(* A compact Hausdorff space $X$ belongs to the class $\mathcal A$ if and only if $X$ is scattered and hereditarily paracompact.
   Context: A topological space is scattered if each nonempty subspace has an isolated point. For a locally compact Hausdorff space $Y$, an Aleksandrov compactification of $Y$ is a compactification $\overline Y$ of $Y$ with $|\overline Y\setminus Y|\le 1$. The class $\mathcal A$ is the smallest class of compact spaces that contains the empty space and the one-point space and is closed under taking the Aleksandrov compactification of a topological sum $\bigoplus_{i\in I}K_i$ of any family $\{K_i\}_{i\in I}$ of spaces from $\mathcal A$. *)

From Stdlib Require Import List Classical FunctionalExtensionality PropExtensionality.
Import ListNotations.

Set Implicit Arguments.
Unset Strict Implicit.

Record space := Space {
  pt :> Type;
  open : (pt -> Prop) -> Prop;
  open_full : open (fun _ => True);
  open_inter : forall U V, open U -> open V -> open (fun x => U x /\ V x);
  open_union : forall F : (pt -> Prop) -> Prop,
      (forall U, F U -> open U) -> open (fun x => exists U, F U /\ U x)
}.

Arguments open {s} _.

Definition sub_open (X : space) (S : X -> Prop) (V : {x | S x} -> Prop) : Prop :=
  exists U, open U /\ forall y : {x | S x}, V y <-> U (proj1_sig y).
Arguments sub_open {X} S V.

Lemma sub_open_full (X : space) (S : X -> Prop) : sub_open S (fun _ => True).
Proof. exists (fun _ => True); split; [apply open_full | tauto]. Qed.

Lemma sub_open_inter (X : space) (S : X -> Prop) U V :
  sub_open S U -> sub_open S V -> sub_open S (fun x => U x /\ V x).
Proof.
  intros [U' [HU EU]] [V' [HV EV]]. exists (fun x => U' x /\ V' x).
  split; [apply open_inter; auto|]. intro y; rewrite EU, EV; tauto.
Qed.

Lemma sub_open_union (X : space) (S : X -> Prop) (F : ({x | S x} -> Prop) -> Prop) :
  (forall U, F U -> sub_open S U) -> sub_open S (fun x => exists U, F U /\ U x).
Proof.
  intros HF.
  exists (fun x => exists W, (open W /\ exists U, F U /\
              forall y : {x | S x}, U y <-> W (proj1_sig y)) /\ W x).
  split.
  - apply (@open_union _ (fun W => open W /\ exists U, F U /\
              forall y : {x | S x}, U y <-> W (proj1_sig y))). tauto.
  - intro y; split.
    + intros [U [FU Uy]]. destruct (HF U FU) as [W [HW EW]].
      exists W. split; [split; [auto | exists U; auto] | apply EW; auto].
    + intros [W [[HW [U [FU EU]]] Wy]]. exists U; split; auto. apply EU; auto.
Qed.

Definition subspace (X : space) (S : X -> Prop) : space :=
  @Space {x | S x} (sub_open S) (sub_open_full S) (@sub_open_inter X S)
         (@sub_open_union X S).

Definition sum_open (I : Type) (K : I -> space) (V : {i : I & pt (K i)} -> Prop) : Prop :=
  forall i, open (fun x : K i => V (existT _ i x)).
Arguments sum_open {I} K V.

Lemma sum_open_full (I : Type) (K : I -> space) : sum_open K (fun _ => True).
Proof. intro i; apply open_full. Qed.

Lemma sum_open_inter (I : Type) (K : I -> space) U V :
  sum_open K U -> sum_open K V -> sum_open K (fun x => U x /\ V x).
Proof. intros HU HV i; apply open_inter; auto. Qed.

Lemma sum_open_union (I : Type) (K : I -> space) (F : ({i : I & pt (K i)} -> Prop) -> Prop) :
  (forall U, F U -> sum_open K U) -> sum_open K (fun x => exists U, F U /\ U x).
Proof.
  intros HF i.
  assert (E : (fun x : K i => exists U, F U /\ U (existT _ i x)) =
              (fun x => exists W, (exists U, F U /\ W = (fun y : K i => U (existT _ i y))) /\ W x)).
  { apply functional_extensionality; intro x; apply propositional_extensionality; split.
    - intros [U [FU Ux]]. exists (fun y => U (existT _ i y)); split; eauto.
    - intros [W [[U [FU ->]] Wx]]. eauto. }
  simpl; rewrite E. apply open_union. intros W [U [FU ->]]. apply HF; auto.
Qed.

Definition sum_space (I : Type) (K : I -> space) : space :=
  @Space {i : I & pt (K i)} (sum_open K) (sum_open_full K) (@sum_open_inter I K)
         (@sum_open_union I K).

Definition hausdorff (X : space) : Prop :=
  forall x y : X, x <> y -> exists U V, open U /\ open V /\ U x /\ V y /\
    forall z, U z -> V z -> False.

Definition compact (X : space) : Prop :=
  forall (I : Type) (U : I -> X -> Prop), (forall i, open (U i)) ->
    (forall x, exists i, U i x) ->
    exists l : list I, forall x, exists i, In i l /\ U i x.

Definition isolated_in (X : space) (S : X -> Prop) (x : X) : Prop :=
  S x /\ exists U, open U /\ U x /\ forall y, U y -> S y -> y = x.

Definition scattered (X : space) : Prop :=
  forall S : X -> Prop, (exists x, S x) -> exists x, isolated_in S x.

Definition locally_finite (X : space) (J : Type) (V : J -> X -> Prop) : Prop :=
  forall x : X, exists W, open W /\ W x /\ exists l : list J,
    forall j, (exists y, W y /\ V j y) -> In j l.

(** Paracompact: every open cover has a locally finite open refinement.
    (Hausdorffness is not built in.) *)
Definition paracompact (X : space) : Prop :=
  forall (I : Type) (U : I -> X -> Prop), (forall i, open (U i)) ->
    (forall x, exists i, U i x) ->
    exists (J : Type) (V : J -> X -> Prop),
      (forall j, open (V j)) /\ (forall x, exists j, V j x) /\
      (forall j, exists i, forall x, V j x -> U i x) /\
      locally_finite V.

Definition hereditarily_paracompact (X : space) : Prop :=
  forall S : X -> Prop, paracompact (subspace S).

Definition embedding (Y Z : space) (e : Y -> Z) : Prop :=
  (forall y1 y2, e y1 = e y2 -> y1 = y2) /\
  (forall W, open W -> open (fun y => W (e y))) /\
  (forall V, open V -> exists W, open W /\ forall y, V y <-> W (e y)).

Definition aleksandrov_compactification (Y Z : space) (e : Y -> Z) : Prop :=
  compact Z /\ hausdorff Z /\ embedding e /\
  (forall W, open W -> (exists z, W z) -> exists y, W (e y)) /\
  (forall z1 z2 : Z, (forall y, e y <> z1) -> (forall y, e y <> z2) -> z1 = z2).

(** The class A (closed under homeomorphism, as a class of spaces). *)
Inductive classA : space -> Prop :=
| A_empty : forall X : space, (X -> False) -> classA X
| A_point : forall X : space, (exists x : X, forall y : X, y = x) -> classA X
| A_compactify : forall (I : Type) (K : I -> space) (Z : space)
      (e : sum_space K -> Z),
    (forall i, classA (K i)) -> aleksandrov_compactification e -> classA Z.

From Stdlib Require Import List Classical FunctionalExtensionality PropExtensionality.
From Stdlib Require Import ProofIrrelevance ClassicalEpsilon.
From Stdlib Require Import Relations Operators_Properties Lia.
Import ListNotations.

(* Forward direction, by induction on the class: a subset of an Aleksandrov
   compactification either meets one of the (open) pieces or is the point at infinity,
   so isolated points come from the pieces; locally finite refinements on the pieces glue
   together, because the member of the cover containing the point at infinity misses
   only finitely many pieces by compactness.

   Backward direction: a compact Hausdorff scattered space is zero-dimensional, and the
   class is stable under passing to clopen subspaces and under compactifying a disjoint
   union of open pieces.  Call a set good if, as a subspace, it lies in the class.  If
   some point had no good clopen neighbourhood, pick an isolated such point p and a clopen
   neighbourhood W of p in which every other point has one.  Then W minus p is paracompact
   and covered by compact open good sets, so it splits into disjoint clopen good pieces,
   and W is their Aleksandrov compactification.  Compactness finally covers the space by
   finitely many good clopen sets, and a finite union of good clopen sets is good. *)

Lemma sig_eq (A : Type) (P : A -> Prop) (a b : sig P) : proj1_sig a = proj1_sig b -> a = b.
Proof. destruct a, b; simpl; intros ->. apply subset_eq_compat; reflexivity. Qed.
=-=-=
> [Problem statement] In the entries above, please find the line with "forall x : X, exists" and the line with "(* Forward direction, by", then write out exactly those two lines and every line between them, and nothing more.

> [Response to the task]
  forall x : X, exists W, open W /\ W x /\ exists l : list J,
    forall j, (exists y, W y /\ V j y) -> In j l.

(** Paracompact: every open cover has a locally finite open refinement.
    (Hausdorffness is not built in.) *)
Definition paracompact (X : space) : Prop :=
  forall (I : Type) (U : I -> X -> Prop), (forall i, open (U i)) ->
    (forall x, exists i, U i x) ->
    exists (J : Type) (V : J -> X -> Prop),
      (forall j, open (V j)) /\ (forall x, exists j, V j x) /\
      (forall j, exists i, forall x, V j x -> U i x) /\
      locally_finite V.

Definition hereditarily_paracompact (X : space) : Prop :=
  forall S : X -> Prop, paracompact (subspace S).

Definition embedding (Y Z : space) (e : Y -> Z) : Prop :=
  (forall y1 y2, e y1 = e y2 -> y1 = y2) /\
  (forall W, open W -> open (fun y => W (e y))) /\
  (forall V, open V -> exists W, open W /\ forall y, V y <-> W (e y)).

Definition aleksandrov_compactification (Y Z : space) (e : Y -> Z) : Prop :=
  compact Z /\ hausdorff Z /\ embedding e /\
  (forall W, open W -> (exists z, W z) -> exists y, W (e y)) /\
  (forall z1 z2 : Z, (forall y, e y <> z1) -> (forall y, e y <> z2) -> z1 = z2).

(** The class A (closed under homeomorphism, as a class of spaces). *)
Inductive classA : space -> Prop :=
| A_empty : forall X : space, (X -> False) -> classA X
| A_point : forall X : space, (exists x : X, forall y : X, y = x) -> classA X
| A_compactify : forall (I : Type) (K : I -> space) (Z : space)
      (e : sum_space K -> Z),
    (forall i, classA (K i)) -> aleksandrov_compactification e -> classA Z.

From Stdlib Require Import List Classical FunctionalExtensionality PropExtensionality.
From Stdlib Require Import ProofIrrelevance ClassicalEpsilon.
From Stdlib Require Import Relations Operators_Properties Lia.
Import ListNotations.

(* Forward direction, by induction on the class: a subset of an Aleksandrov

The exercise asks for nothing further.